Bone and Joint Reconstruction Research Center, Department of Orthopedics, School of Medicine, Iran University of Medical Sciences, Tehran, Iran.
Arch Acad Emerg Med. 2025 Apr 5;13(1):e42. doi: 10.22037/aaemj.v13i1.2580. eCollection 2025.
INTRODUCTION: ChatGPT, a general-purpose language model, is not specifically optimized for medical applications. This study aimed to assess the performance of ChatGPT-4 and o1-preview in generating differential diagnoses for common cases of ankle pain in emergency settings.
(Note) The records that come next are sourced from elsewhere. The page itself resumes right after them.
(* Let $A$ be an algebra of Jordan type half over a field $\mathbb{F}$ of characteristic zero. If $a,b\in A$ are primitive axes of Jordan type half with $(a,b)=1$, then every non-zero idempotent of $J=\langle\langle a,b\rangle\rangle$ is a primitive axis of Jordan type half in $A$; that is, $J$ is solid.
   Context: All algebras are commutative, not necessarily associative; $A_\lambda(x)=\{u\in A:xu=\lambda u\}$. A primitive axis of Jordan type half is $x\neq0$ with $x^2=x$, $A=A_1(x)\oplus A_0(x)\oplus A_{1/2}(x)$, $A_1(x)=\mathbb{F}x$, and fusion rules $A_1A_1\subseteq A_1$, $A_1A_0=0$, $A_0A_0\subseteq A_0$, $A_1A_{1/2},A_0A_{1/2}\subseteq A_{1/2}$, $A_{1/2}A_{1/2}\subseteq A_1\oplus A_0$. An algebra of Jordan type half is a commutative algebra generated by such axes; it has a unique Frobenius form $(\cdot,\cdot)$ (bilinear, $(uv,w)=(u,vw)$, $(x,x)=1$ for primitive axes $x$). $J=\langle\langle a,b\rangle\rangle$ is solid if every idempotent $c\in J$ with $c\neq0$ and $c\neq1_J$ (the identity of $J$, if it exists; here $J$ has none) is a primitive axis of Jordan type half in $A$. *)

From HB Require Import structures.
From mathcomp Require Import all_boot all_order all_algebra.
Set Implicit Arguments. Unset Strict Implicit. Unset Printing Implicit Defensive.
Import GRing.Theory.
Local Open Scope ring_scope.

Section JordanHalf.
Variables (F : fieldType) (V : lmodType F) (mul : V -> V -> V).

Definition comm_bilinear_mul : Prop :=
  [/\ forall u v, mul u v = mul v u,
      forall (k : F) u v w, mul (k *: u + v) w = k *: mul u w + mul v w
    & forall (k : F) u v w, mul w (k *: u + v) = k *: mul w u + mul w v].

Definition eigsp (x : V) (lam : F) (u : V) : Prop := mul x u = lam *: u.

Definition primitive_axis_half (x : V) : Prop :=
  [/\ x != 0,
      mul x x = x,
      (* A = A_1(x) + A_0(x) + A_{1/2}(x) (the sum is automatically direct) *)
      forall u, exists u1 u0 uh,
        [/\ u = u1 + u0 + uh, eigsp x 1 u1, eigsp x 0 u0 & eigsp x 2^-1 uh],
      (forall u, eigsp x 1 u -> exists k : F, u = k *: x) &
      [/\ forall u v, eigsp x 1 u -> eigsp x 1 v -> eigsp x 1 (mul u v),
          forall u v, eigsp x 1 u -> eigsp x 0 v -> mul u v = 0,
          forall u v, eigsp x 0 u -> eigsp x 0 v -> eigsp x 0 (mul u v),
          (forall u v, eigsp x 1 u -> eigsp x 2^-1 v -> eigsp x 2^-1 (mul u v)) /\
          (forall u v, eigsp x 0 u -> eigsp x 2^-1 v -> eigsp x 2^-1 (mul u v))
        & forall u v, eigsp x 2^-1 u -> eigsp x 2^-1 v ->
            exists w1 w0, [/\ mul u v = w1 + w0, eigsp x 1 w1 & eigsp x 0 w0]]].

Inductive gen_subalg (S : V -> Prop) : V -> Prop :=
  | gen_base x : S x -> gen_subalg S x
  | gen_zero : gen_subalg S 0
  | gen_add u v : gen_subalg S u -> gen_subalg S v -> gen_subalg S (u + v)
  | gen_scale (k : F) u : gen_subalg S u -> gen_subalg S (k *: u)
  | gen_mul u v : gen_subalg S u -> gen_subalg S v -> gen_subalg S (mul u v).

Definition jordan_type_half_algebra : Prop :=
  comm_bilinear_mul /\ forall u, gen_subalg primitive_axis_half u.

Definition frobenius_form (form : V -> V -> F) : Prop :=
  [/\ forall (k : F) u v w, form (k *: u + v) w = k * form u w + form v w,
      forall (k : F) u v w, form w (k *: u + v) = k * form w u + form w v,
      forall u v w, form (mul u v) w = form u (mul v w)
    & forall x, primitive_axis_half x -> form x x = 1].

Definition gen2 (a b : V) : V -> Prop := gen_subalg (fun x => x = a \/ x = b).

End JordanHalf.

From HB Require Import structures.
From mathcomp Require Import all_boot all_order all_algebra.
From mathcomp Require Import ring.
Set Implicit Arguments. Unset Strict Implicit. Unset Printing Implicit Defensive.
Import GRing.Theory.
Local Open Scope ring_scope.

(* Decompose b = a + s + h along the eigenspaces of a, with s in A_0(a) and
   h in A_1/2(a).  The fusion rules, b^2 = b and the Frobenius form force
   s^2 = s h = 0 and h^2 = s, so <<a, b>> is spanned by a, s, h and its nonzero
   idempotents are the points X(t) = a + t^2 s + t h (idem_curve t) of a
   parabola, with X(0) = a and X(1) = b.  The Miyamoto involution of X(t) maps
   X(t') to X(2t - t'), hence every X(n), n in N, is a primitive axis.  For a
   nonzero idempotent x, being a primitive axis amounts to finitely many
   identities that are polynomial in x, hence in t along the parabola; in
   characteristic 0 they hold for all t because they hold at infinitely many
   points. *)

Section Comb3.
Variables (F : fieldType) (V : lmodType F) (u v w : V).

Definition comb3 (x y z : F) : V := x *: u + y *: v + z *: w.

Lemma comb3D x y z x' y' z' :
  comb3 x y z + comb3 x' y' z' = comb3 (x + x') (y + y') (z + z').
Proof. by rewrite /comb3 addrACA [_ + (x' *: _ + _)]addrACA !scalerDl. Qed.

Lemma comb3Z k x y z : k *: comb3 x y z = comb3 (k * x) (k * y) (k * z).
Proof. by rewrite /comb3 !scalerDr !scalerA. Qed.

Lemma comb3B x y z x' y' z' :
  comb3 x y z - comb3 x' y' z' = comb3 (x - x') (y - y') (z - z').
Proof. by rewrite -scaleN1r comb3Z !mulN1r comb3D. Qed.

Lemma comb3_0 : comb3 0 0 0 = 0.
Proof. by rewrite /comb3 !scale0r !addr0. Qed.

Lemma comb3_1 : comb3 1 1 1 = u + v + w.
Proof. by rewrite /comb3 !scale1r. Qed.

Lemma comb3_100 : comb3 1 0 0 = u.
Proof. by rewrite /comb3 scale1r !scale0r !addr0. Qed.

Lemma comb3_010 : comb3 0 1 0 = v.
Proof. by rewrite /comb3 scale1r !scale0r add0r addr0. Qed.

Lemma comb3_001 : comb3 0 0 1 = w.
Proof. by rewrite /comb3 scale1r !scale0r !add0r. Qed.

Lemma comb3_eq_scale k a b c x y z x' y' z' : comb3 a b c = 0 ->
  x - x' = k * a -> y - y' = k * b -> z - z' = k * c -> comb3 x y z = comb3 x' y' z'.
Proof.
move=> abc0 ex ey ez; apply/eqP; rewrite -subr_eq0 comb3B ex ey ez -comb3Z.
by rewrite abc0 scaler0.
Qed.

End Comb3.
Arguments comb3_eq_scale {F V u v w} k {a b c x y z x' y' z'}.

Lemma comb3_shift (F : fieldType) (V : lmodType F) (u v w z : V) (q r : F) :
  comb3 u v w 0 q r = comb3 v w z q r 0.
Proof. by rewrite /comb3 !scale0r add0r addr0. Qed.

Lemma addr_idem_eq0 (Z : zmodType) (z : Z) : z = z + z -> z = 0.
Proof. by move/esym/eqP; rewrite -subr_eq0 addrK => /eqP. Qed.

Lemma mul_fixed_eq0 (F : fieldType) (l k : F) : l != 1 -> k = l * k -> k = 0.
Proof.
move=> l_neq1 /eqP; rewrite -subr_eq0 -{1}[k]mul1r -mulrBl mulf_eq0 subr_eq0 eq_sym.
by rewrite (negbTE l_neq1) => /eqP.
Qed.

Section VectorPolynomials.
Variable F : fieldType.

Definition vpoly (W : lmodType F) (f : F -> W) : Prop :=
  exists s : seq (nat * W), forall t, f t = \sum_(p <- s) t ^+ p.1 *: p.2.

Variable W : lmodType F.
Implicit Types (f g : F -> W) (s : seq (nat * W)).

Lemma vpoly_cst (v : W) : vpoly (fun _ => v).
Proof. by exists [:: (0%N, v)] => t; rewrite big_seq1 expr0 scale1r. Qed.

Lemma vpolyD f g : vpoly f -> vpoly g -> vpoly (fun t => f t + g t).
Proof. by move=> [s1 Ef] [s2 Eg]; exists (s1 ++ s2) => t; rewrite big_cat Ef Eg. Qed.

Lemma vpolyZ k f : vpoly f -> vpoly (fun t => k *: f t).
Proof.
move=> [s Ef]; exists [seq (p.1, k *: p.2) | p <- s] => t.
rewrite big_map Ef scaler_sumr; apply: eq_bigr => p _ /=.
by rewrite !scalerA mulrC.
Qed.

Lemma vpolyN f : vpoly f -> vpoly (fun t => - f t).
Proof. by move=> /(vpolyZ (-1)) [s Ef]; exists s => t; rewrite -Ef scaleN1r. Qed.

Lemma vpolyB f g : vpoly f -> vpoly g -> vpoly (fun t => f t - g t).
Proof. by move=> pf pg; apply: vpolyD => //; apply: vpolyN. Qed.

Lemma sum_linear_comb (U : lmodType F) (phi : U -> W) :
    (forall k u v, phi (k *: u + v) = k *: phi u + phi v) ->
  forall (I : Type) (r : seq I) (c : I -> F) (x : I -> U),
  phi (\sum_(i <- r) c i *: x i) = \sum_(i <- r) c i *: phi (x i).
Proof.
move=> phi_lin I r c x; have phi0 : phi 0 = 0.
  by have := phi_lin 1 0 0; rewrite !scale1r addr0 => /addr_idem_eq0.
by elim: r => [|i r IHr]; rewrite ?big_nil // !big_cons phi_lin IHr.
Qed.

Lemma vpoly_bilinear (U1 U2 : lmodType F) (be : U1 -> U2 -> W) (f1 : F -> U1) (f2 : F -> U2) :
    (forall k u v w, be (k *: u + v) w = k *: be u w + be v w) ->
    (forall k u v w, be w (k *: u + v) = k *: be w u + be w v) ->
  vpoly f1 -> vpoly f2 -> vpoly (fun t => be (f1 t) (f2 t)).
Proof.
move=> be_linl be_linr [s1 Ef1] [s2 Ef2].
exists [seq ((p.1 + q.1)%N, be p.2 q.2) | p <- s1, q <- s2] => t.
rewrite big_allpairs_dep Ef1 (sum_linear_comb (phi := be^~ (f2 t))) //.
apply: eq_bigr => p _; rewrite Ef2 (sum_linear_comb (phi := be p.2)) // scaler_sumr.
by apply: eq_bigr => q _; rewrite scalerA exprD.
Qed.

Lemma sum_pow_regroup s n (t : F) : (forall p, p \in s -> p.1 < n)%N ->
  \sum_(p <- s) t ^+ p.1 *: p.2 = \sum_(i < n) t ^+ i *: \sum_(p <- s | p.1 == i) p.2.
Proof.
elim: s => [|q s IHs] s_lt; first by rewrite big_nil big1 // => i _; rewrite big_nil scaler0.
rewrite big_cons IHs => [|p ps]; last by apply: s_lt; rewrite inE ps orbT.
have q_lt : (q.1 < n)%N by apply: s_lt; rewrite inE eqxx.
have split_q (i : 'I_n) : t ^+ i *: \sum_(p <- q :: s | p.1 == i) p.2 =
    (if q.1 == i then t ^+ i *: q.2 else 0) + t ^+ i *: \sum_(p <- s | p.1 == i) p.2.
  by rewrite big_cons; case: eqP => _; rewrite ?scalerDr ?add0r.
rewrite (eq_bigr _ (fun i _ => split_q i)) big_split /=; congr (_ + _).
by rewrite -big_mkcond /= (big_pred1 (Ordinal q_lt)).
Qed.

Hypothesis charF0 : [pchar F] =i pred0.

Lemma sum_pow_nat_eq0 n (w : nat -> W) :
  (forall m : nat, \sum_(i < n) (m%:R : F) ^+ i *: w i = 0) ->
  forall i, (i < n)%N -> w i = 0.
Proof.
move=> Hw i lt_in; pose M := Vandermonde n (\row_(j < n) (j : nat)%:R : 'rV[F]_n).
have M_unit : M \in unitmx.
  rewrite unitmxE unitfE det_Vandermonde prodf_seq_neq0.
  apply/allP => k _; apply/implyP => _; rewrite prodf_seq_neq0.
  apply/allP => j _; apply/implyP => lt_kj; rewrite !mxE -natrB ?(ltnW lt_kj) //.
  by move/pcharf0P: charF0 => ->; rewrite subn_eq0 -ltnNge.
pose k := Ordinal lt_in.
have -> : w i = \sum_(l < n) (M *m invmx M) l k *: w l.
  rewrite mulmxV // (bigD1 k) //= mxE eqxx scale1r big1 ?addr0 // => l lk.
  by rewrite mxE (negbTE lk) scale0r.
under eq_bigr => l _ do rewrite mxE scaler_suml.
rewrite exchange_big big1 // => j _.
under eq_bigr => l _ do rewrite mulrC -scalerA.
rewrite -scaler_sumr; suff -> : \sum_(l < n) M l j *: w l = 0 by rewrite scaler0.
by rewrite -[RHS](Hw j); apply: eq_bigr => l _; rewrite !mxE.
Qed.

Lemma vpoly_eq0 f : vpoly f -> (forall n : nat, f n%:R = 0) -> forall t, f t = 0.
Proof.
move=> [s Ef] f_nat t; pose n := (\max_(p <- s) p.1).+1.
have s_lt p : p \in s -> (p.1 < n)%N by move=> ps; rewrite ltnS leq_bigmax_seq.
rewrite Ef (sum_pow_regroup _ s_lt) big1 // => i _.
rewrite (@sum_pow_nat_eq0 n (fun i => \sum_(p <- s | p.1 == i) p.2)) ?scaler0 // => m.
by rewrite -(sum_pow_regroup _ s_lt) -Ef f_nat.
Qed.

Lemma vpoly_eq f g : vpoly f -> vpoly g -> (forall n : nat, f n%:R = g n%:R) -> f =1 g.
Proof.
move=> pf pg fg t; apply/eqP; rewrite -subr_eq0; apply/eqP.
by apply: (vpoly_eq0 (vpolyB pf pg)) => n; rewrite fg subrr.
Qed.

End VectorPolynomials.

Section CommutativeAlgebra.
Variables (F : fieldType) (V : lmodType F) (mul : V -> V -> V).
Hypothesis mulP : comm_bilinear_mul mul.

Lemma amulC u v : mul u v = mul v u.
Proof. by case: mulP. Qed.

Lemma amul_linl k u v w : mul (k *: u + v) w = k *: mul u w + mul v w.
Proof. by case: mulP. Qed.

Lemma amul_linr k u v w : mul w (k *: u + v) = k *: mul w u + mul w v.
Proof. by case: mulP. Qed.

Lemma amul0l w : mul 0 w = 0.
Proof. by have := amul_linl 1 0 0 w; rewrite !scale1r addr0 => /addr_idem_eq0. Qed.

Lemma amulDl u v w : mul (u + v) w = mul u w + mul v w.
Proof. by have := amul_linl 1 u v w; rewrite !scale1r. Qed.

Lemma amulZl k u w : mul (k *: u) w = k *: mul u w.
Proof. by rewrite -[k *: u]addr0 amul_linl amul0l addr0. Qed.

Lemma amulNl u w : mul (- u) w = - mul u w.
Proof. by rewrite -scaleN1r amulZl scaleN1r. Qed.

Lemma amul0r w : mul w 0 = 0.
Proof. by rewrite amulC amul0l. Qed.

Lemma amulDr u v w : mul w (u + v) = mul w u + mul w v.
Proof. by rewrite !(amulC w) amulDl. Qed.

Lemma amulZr k u w : mul w (k *: u) = k *: mul w u.
Proof. by rewrite !(amulC w) amulZl. Qed.

Lemma amulNr u w : mul w (- u) = - mul w u.
Proof. by rewrite !(amulC w) amulNl. Qed.

Lemma amul_comb3 x u v w p q r :
  mul x (comb3 u v w p q r) = comb3 (mul x u) (mul x v) (mul x w) p q r.
Proof. by rewrite /comb3 !amulDr !amulZr. Qed.

Lemma eigsp0 x l : eigsp mul x l 0.
Proof. by rewrite /eigsp amul0r scaler0. Qed.

Lemma eigspD x l u v : eigsp mul x l u -> eigsp mul x l v -> eigsp mul x l (u + v).
Proof. by rewrite /eigsp amulDr scalerDr => -> ->. Qed.

Lemma eigspZ x l k u : eigsp mul x l u -> eigsp mul x l (k *: u).
Proof. by rewrite /eigsp amulZr => ->; rewrite !scalerA mulrC. Qed.

Lemma vpoly_amul (f g : F -> V) : vpoly f -> vpoly g -> vpoly (fun t => mul (f t) (g t)).
Proof. exact: vpoly_bilinear amul_linl amul_linr. Qed.

Lemma axis_automorphism (sg : V -> V) y :
    (forall k u v, sg (k *: u + v) = k *: sg u + sg v) ->
    (forall u v, sg (mul u v) = mul (sg u) (sg v)) -> bijective sg ->
  primitive_axis_half mul y -> primitive_axis_half mul (sg y).
Proof.
move=> sg_lin sgM [g sgK gK] [y_neq0 yy decomp A1 [f11 f10 f00 [f1h f0h] fhh]].
have sg0 : sg 0 = 0.
  by have := sg_lin 1 0 0; rewrite !scale1r addr0 => /addr_idem_eq0.
have sgD u v : sg (u + v) = sg u + sg v by have := sg_lin 1 u v; rewrite !scale1r.
have sgZ k u : sg (k *: u) = k *: sg u by have := sg_lin k u 0; rewrite !addr0 sg0 addr0.
have eigP l u : eigsp mul (sg y) l (sg u) <-> eigsp mul y l u.
  by rewrite /eigsp -sgM -sgZ; split=> [/(can_inj sgK) | ->].
split=> [||w|w|].
- by apply: contraNneq y_neq0 => sgy0; apply/eqP; rewrite -[y]sgK sgy0 -{1}sg0 sgK.
- by rewrite -sgM yy.
- have [u1 [u0 [uh [Ew u1P u0P uhP]]]] := decomp (g w).
  by exists (sg u1), (sg u0), (sg uh); split; [rewrite -!sgD -Ew gK | exact/eigP..].
- by rewrite -[w]gK => /eigP /A1 [k ->]; exists k; rewrite sgZ.
have fusion l m n : (forall u v, eigsp mul y l u -> eigsp mul y m v -> eigsp mul y n (mul u v)) ->
    forall u v, eigsp mul (sg y) l u -> eigsp mul (sg y) m v -> eigsp mul (sg y) n (mul u v).
  by move=> f u v; rewrite -[u]gK -[v]gK -sgM => /eigP uP /eigP vP; apply/eigP; apply: f.
split; [exact: fusion f11 | | exact: fusion f00 | split; [exact: fusion f1h | exact: fusion f0h] |];
  move=> u v; rewrite -[u]gK -[v]gK -sgM => /eigP uP /eigP vP; first by rewrite f10 ?sg0.
have [w1 [w0 [-> w1P w0P]]] := fhh _ _ uP vP.
by exists (sg w1), (sg w0); split; [rewrite sgD | exact/eigP..].
Qed.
METHODS: Common presentations of ankle pain were identified through consultations with an experienced orthopedic surgeon and a review of relevant hospital and social media sources. To replicate typical patient inquiries, questions were crafted in simple, non-technical language, requesting three possible differential diagnoses for each scenario. The second phase involved designing case vignettes reflecting scenarios typical for triage nurses or physicians. Responses from ChatGPT were evaluated against a benchmark established by two experienced orthopedic surgeons, with a scoring system assessing the accuracy, clarity, and relevance of the differential diagnoses based on their order. RESULTS: In 21 ankle pain presentations, ChatGPT-o1 preview outperformed ChatGPT-4 in both accuracy and clarity, with only the clarity score reaching statistical significance (p < 0.001). ChatGPT-o1 preview also had a significantly higher total score (p = 0.004). In 15 case vignettes, ChatGPT-o1 preview scored better on diagnostic and management clarity, though differences in diagnostic accuracy were not statistically significant. Among 51 questions, ChatGPT-4 and ChatGPT-o1 preview produced incorrect responses for 5 (9.8%) and 4 (7.8%) questions, respectively. Inter-rater reliability analysis demonstrated excellent reliability of the scoring system with interclass coefficients of 0.99 (95% CI, 0.998-0.999) for accuracy scores and 0.99 (95% CI, 0.990-0.995) for clarity scores. CONCLUSION: Our findings demonstrated that both ChatGPT-4 and ChatGPT-o1 preview provide acceptable performance in the triage of ankle pain cases in emergency settings. ChatGPT-o1 preview outperformed ChatGPT-4, offering clearer and more precise responses. While both models show potential as supportive tools, their role should remain supervised and strictly supplementary to clinical expertise.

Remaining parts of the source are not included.